Masculinity in sport promotion: a contemporary crisis?

Sport, Promotional Culture and the Crisis of Masculinity, explores the links between sport, masculinity, promotional and consumer culture.

The cover of Sport, Promotional Culture and the Crisis of Masculinity.

Dr Sarah Gee.

A new book, co-authored by Dr Sarah Gee from the School of Sport and Exercise, captures the contested terrain of contemporary masculinity with a specific focus on the role of the media and promotional culture within sport.

Sport, Promotional Culture and the Crisis of Masculinity asks whether sport is the final frontier of masculinity in society and focuses on how the production and representation of sport-related advertising and marketing contributes to the shifting nature of masculinity and its alleged crisis.

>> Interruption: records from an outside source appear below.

(* Let $0<\alpha<1$, $\lambda\in\mathbb{R}$, $T>0$, integers $N,M\ge 2$, $\tau=T/N$, $h=(b-a)/M$, and grid points $x_i=a+ih$, $0\le i\le M$. Let $\{v_i^n\}$ ($0\le i\le M$, $0\le n\le N$) satisfy $$\mathcal{A}_x\delta_{t}^{\alpha,\lambda} v_i^{n}-\mathcal{A}_t^{\alpha}\delta_{x}^2v_i^{n}=S_i^{n},\quad 1\leq i\leq M-1,\ 1\leq n\leq N,$$ $$v^n_0=0,\quad v^n_M=0,\quad 1\le n\le N,\qquad v^0_i=v_0(x_i),\quad 0\le i\le M,$$ where $v_0(x_0)=v_0(x_M)=0$ and $S_i^n$ are given. If $2-\alpha-e^{\lambda\tau}\ge0$, then for $1<n\le N$, $$\|v^n\|^2\leq \frac{3}{2}e^{2|\lambda|T}\|v^{0}\|^2+\frac{3\Gamma(1-\alpha)T^{\alpha}e^{2|\lambda|T}}{C_{\Omega}} \max_{0\leq n\leq N}\|S^n\|^2,$$ where $\|S^n\|=\sqrt{h\sum_{i=1}^{M-1}(S_i^n)^2}$.
   Context: $g_k^{\alpha}=(-1)^k\binom{\alpha}{k}$ are the coefficients of $(1-z)^{\alpha}=\sum_{k\ge0}g_k^{\alpha}z^k$ and $g_k^{\alpha,\lambda}=e^{-(k-\frac{\alpha}{2})\lambda\tau}g_k^{\alpha}$. Time operators (applied for each fixed $i$): $\delta_t^{\alpha,\lambda}v_i^n=\tau^{-\alpha}\sum_{k=0}^{n}g_k^{\alpha,\lambda}v_i^{n-k}$ and $\mathcal{A}_t^{\alpha}v_i^n=(1-\frac{\alpha}{2})v_i^n+\frac{\alpha}{2}v_i^{n-1}$. Space operators: $\delta_x^2v_i=h^{-2}(v_{i-1}-2v_i+v_{i+1})$, and $\mathcal{A}_xv_i=\frac{1}{12}(v_{i-1}+10v_i+v_{i+1})$ for $1\le i\le M-1$, $\mathcal{A}_xv_i=v_i$ for $i=0,M$. For grid functions $u,v$ on $\{x_0,\dots,x_M\}$ vanishing at $x_0,x_M$ (the space $V_h$), $(u,v)=h\sum_{i=1}^{M-1}u_iv_i$ and $\|v\|=\sqrt{(v,v)}$. $C_\Omega>0$ is a constant depending only on $\Omega=(a,b)$ (not on $h$) such that $-(\delta_x^2v,v)\ge C_\Omega\|v\|^2$ for all $v\in V_h$ and all mesh sizes $h$. *)

From Stdlib Require Import Reals Lra Lia List Arith Factorial.
From Coquelicot Require Import Coquelicot.
Open Scope R_scope.

Definition Gamma (s : R) : R :=
  RInt_gen (fun t => Rpower t (s - 1) * exp (- t)) (at_right 0) (Rbar_locally p_infty).

Fixpoint falling (a : R) (k : nat) : R :=
  match k with
  | O => 1
  | S k' => falling a k' * (a - INR k')
  end.

Definition gbinom (a : R) (k : nat) : R := falling a k / INR (Factorial.fact k).

Definition g (alpha : R) (k : nat) : R := (-1) ^ k * gbinom alpha k.

Definition gl (alpha lambda tau : R) (k : nat) : R :=
  exp (- (INR k - alpha / 2) * lambda * tau) * g alpha k.

(* Grid functions are v : nat -> nat -> R, with v n i = v_i^n. *)

Definition dt (alpha lambda tau : R) (v : nat -> nat -> R) (n i : nat) : R :=
  Rpower tau (- alpha) * sum_n (fun k => gl alpha lambda tau k * v (n - k)%nat i) n.

Definition At (alpha : R) (v : nat -> nat -> R) (n i : nat) : R :=
  (1 - alpha / 2) * v n i + alpha / 2 * v (n - 1)%nat i.
Lemma tensor_twist_iso (a b : C) : is_iso (tensor_twist a b).
Proof.
  apply is_iso_comp; [|apply is_iso_tm]; [exists (θ' (a ⊗ b)) | exists (θ a) | exists (θ b)];
    split; auto.
Qed.

Lemma tensor_twist_tm_θ (a b : C) : tensor_twist a b ∘ (θ a ⊠ θ b) = θ (a ⊗ b).
Proof. unfold tensor_twist. rewrite <- compA, <- tm_compE, !θ'θ, tm_id. apply comp_id_r. Qed.

Lemma tensor_twist_cocycle (a b c : C) :
  assoc a b c ∘ tensor_twist (a ⊗ b) c ∘ (tensor_twist a b ⊠ idm c)
  = tensor_twist a (b ⊗ c) ∘ (idm a ⊠ tensor_twist b c) ∘ assoc a b c.
Proof.
  assert (Hl : tensor_twist (a ⊗ b) c ∘ (tensor_twist a b ⊠ idm c)
               = θ _ ∘ ((θ' a ⊠ θ' b) ⊠ θ' c)).
  { unfold tensor_twist at 1 2.
    rewrite <- compA, <- tm_compE, compA, θ'θ, comp_id_l, comp_id_r. reflexivity. }
  assert (Hr : tensor_twist a (b ⊗ c) ∘ (idm a ⊠ tensor_twist b c)
               = θ _ ∘ (θ' a ⊠ (θ' b ⊠ θ' c))).
  { unfold tensor_twist at 1 2.
    rewrite <- compA, <- tm_compE, compA, θ'θ, comp_id_l, comp_id_r. reflexivity. }
  rewrite <- compA, Hl, Hr, compA, <- θ_nat, <- !compA, assoc_nat. reflexivity.
Qed.

Lemma tensor_twist_lunit (a : C) :
  lunit a ∘ tensor_twist (tunit C) a ∘ (θ (tunit C) ⊠ idm a) = lunit a.
Proof.
  unfold tensor_twist.
  rewrite <- !compA, <- tm_compE, θ'θ, comp_id_r, compA, <- θ_nat, <- compA, <- lunit_nat.
  rewrite compA, θθ'. apply comp_id_l.
Qed.

Lemma tensor_twist_runit (a : C) :
  runit a ∘ tensor_twist a (tunit C) ∘ (idm a ⊠ θ (tunit C)) = runit a.
Proof.
  unfold tensor_twist.
  rewrite <- !compA, <- tm_compE, θ'θ, comp_id_r, compA, <- θ_nat, <- compA, <- runit_nat.
  rewrite compA, θθ'. apply comp_id_l.
Qed.

Lemma tensor_twist_braid (a b : C) :
  braid a b ∘ tensor_twist a b = tensor_twist b a ∘ braid a b.
Proof.
  unfold tensor_twist. rewrite compA, <- θ_nat, <- !compA, braid_nat. reflexivity.
Qed.

Variable d : AIData C.
Hypothesis Hd : is_SMAI C d.

(* Literally the tensorator of [twisted] (with θ = i, θ' = i^-1), so the lemmas below apply
   to it by conversion. *)
Definition twisted_chi (x y : C) : hom (dob d x ⊗ dob d y) (dob d (x ⊗ y)) :=
  chi d x y ∘ θ (dob d x ⊗ dob d y) ∘ (θ' (dob d x) ⊠ θ' (dob d y)).

Lemma twisted_chiE (x y : C) : twisted_chi x y = chi d x y ∘ tensor_twist (dob d x) (dob d y).
Proof. symmetry. apply compA. Qed.

Lemma twisted_chi_iso (x y : C) : is_iso (twisted_chi x y).
Proof.
  rewrite twisted_chiE. apply is_iso_comp; [apply (chi_iso _ _ Hd) | apply tensor_twist_iso].
Qed.

Lemma twisted_chi_nat (x x' y y' : C) (f : hom x x') (g : hom y y') :
  dhom d (f ⊠ g) ∘ twisted_chi x' y' = twisted_chi x y ∘ (dhom d f ⊠ dhom d g).
Proof.
  now rewrite !twisted_chiE, compA, (chi_nat _ _ Hd), <- !compA, tensor_twist_nat.
Qed.

Lemma twisted_chi_assoc (x y z : C) :
  twisted_chi (x ⊗ y) z ∘ (twisted_chi x y ⊠ idm (dob d z))
  = dhom d (assoc x y z) ∘ twisted_chi x (y ⊗ z) ∘ (idm (dob d x) ⊠ twisted_chi y z)
    ∘ assoc (dob d x) (dob d y) (dob d z).
Proof.
  rewrite !twisted_chiE, tm_comp_idl, tm_comp_idr.
  transitivity (chi d (x ⊗ y) z ∘ (chi d x y ⊠ idm _) ∘ (tensor_twist _ _ ∘ (tensor_twist _ _ ⊠ idm _))).
  { rewrite compA, <- (compA (chi d (x ⊗ y) z)), tensor_twist_nat.
    now rewrite !compA. }
  rewrite (chi_assoc _ _ Hd), <- !compA. do 2 f_equal.
  rewrite (compA (tensor_twist _ _)), (tensor_twist_nat _ _ _ _ (idm _) (chi d y z)).
  rewrite <- compA. f_equal.
  rewrite !compA. now apply tensor_twist_cocycle.
Qed.

Lemma twisted_chi_lunit (x : C) :
  twisted_chi (tunit C) x ∘ ((uu d ∘ θ (tunit C)) ⊠ idm (dob d x))
  = dhom d (lunit x) ∘ lunit (dob d x).
Proof.
  rewrite twisted_chiE, tm_comp_idl, compA, <- (compA (chi d _ _)), tensor_twist_nat.
  now rewrite compA, (chi_lunit _ _ Hd), <- !compA, (compA (lunit _)), tensor_twist_lunit.
Qed.

Lemma twisted_chi_runit (x : C) :
  twisted_chi x (tunit C) ∘ (idm (dob d x) ⊠ (uu d ∘ θ (tunit C)))
  = dhom d (runit x) ∘ runit (dob d x).
Proof.
  rewrite twisted_chiE, tm_comp_idr, compA, <- (compA (chi d _ _)), tensor_twist_nat.
  now rewrite compA, (chi_runit _ _ Hd), <- !compA, (compA (runit _)), tensor_twist_runit.
Qed.

Lemma twisted_chi_braid (x y : C) :
  dhom d (braid y x) ∘ twisted_chi x y = twisted_chi y x ∘ braid (dob d x) (dob d y).
Proof.
  now rewrite !twisted_chiE, compA, (chi_braid _ _ Hd), <- !compA, tensor_twist_braid.
Qed.

Lemma twisted_chi_tm_θ (c1 c2 : C) (h1 : hom c1 (dob d c1)) (h2 : hom c2 (dob d c2)) :
  twisted_chi c1 c2 ∘ ((h1 ∘ θ c1) ⊠ (h2 ∘ θ c2)) = chi d c1 c2 ∘ (h1 ⊠ h2) ∘ θ (c1 ⊗ c2).
Proof.
  rewrite twisted_chiE, tm_compE, compA, <- (compA (chi d _ _)), tensor_twist_nat.
  now rewrite <- !compA, tensor_twist_tm_θ.
Qed.

End TensorTwist.

Lemma CP_idm_unitary (C : SMC) (d : AIData C) (P : forall c : C, hom c (dob d c) -> Prop)
  (HP : is_mon_pos C d P) (Hd : is_SMAI C d) (c : C) (h1 h2 : hom c (dob d c))
  (p1 : P c h1) (p2 : P c h2) :
  h1 = h2 ->
  @is_unitary (CP C d P HP) (existT _ c (exist _ h1 p1)) (existT _ c (exist _ h2 p2)) (idm c).
Proof.
  intros <-. split.
  - change (inv_of h1 (proj1 (pos_herm C d P HP c h1 p1)) ∘ dhom d (idm c) ∘ h1 ∘ idm c
            = idm c).
    rewrite (d_id _ _ Hd), !comp_id_r. apply inv_of_l.
  - change (idm c ∘ (inv_of h1 (proj1 (pos_herm C d P HP c h1 p1)) ∘ dhom d (idm c) ∘ h1)
            = idm c).
    rewrite (d_id _ _ Hd), comp_id_l, comp_id_r. apply inv_of_l.
Qed.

Dr Gee, a senior lecturer in the sociology of sport, co-wrote the book with Professor Steven Jackson from the University of Otago.

It examines several examples spanning sport celebrity, professional sport leagues, beer advertising and indigenous cultures, exploring the links between sport, masculinity, promotional and consumer culture.

“Our primary focus was the representation of masculinity in sport-related advertisements, and how it contributes to one of the most hotly debated sociocultural concepts of our era: a contemporary crisis of masculinity. We interrogate the existence, nature and potential effects of a ‘crisis’ by examining the power of sport-related promotional culture and advertising in the reproduction and negotiation of what ‘real men’ are and the impact on social attitudes, beliefs and private experiences.

“We present a diverse suite of case studies that uncover the ways in which sport’s connection to masculinity is both created and used by corporations and advertising executives that contribute to broader gender relations in society,” Dr Gee says.

The book illustrates how advertising and promotional campaigns reinforce particular forms of hegemonic masculinity while also accommodating new forms.

Sport, Promotional Culture and the Crisis of Masculinity will interest students and scholars in the fields of sociology of sport, media studies, marketing, gender and masculinity studies.

Dr Gee’s current research includes the role of alcohol as part of the entertainment experience of major sports events and the complex links between alcohol promotion, sports sponsorship, gendered identities, and drinking cultures.

Professor Jackson is a former President of the International Sociology of Sport Association and specialises in the socio-cultural analysis of sport with a research focus on globalisation, national identity and the media.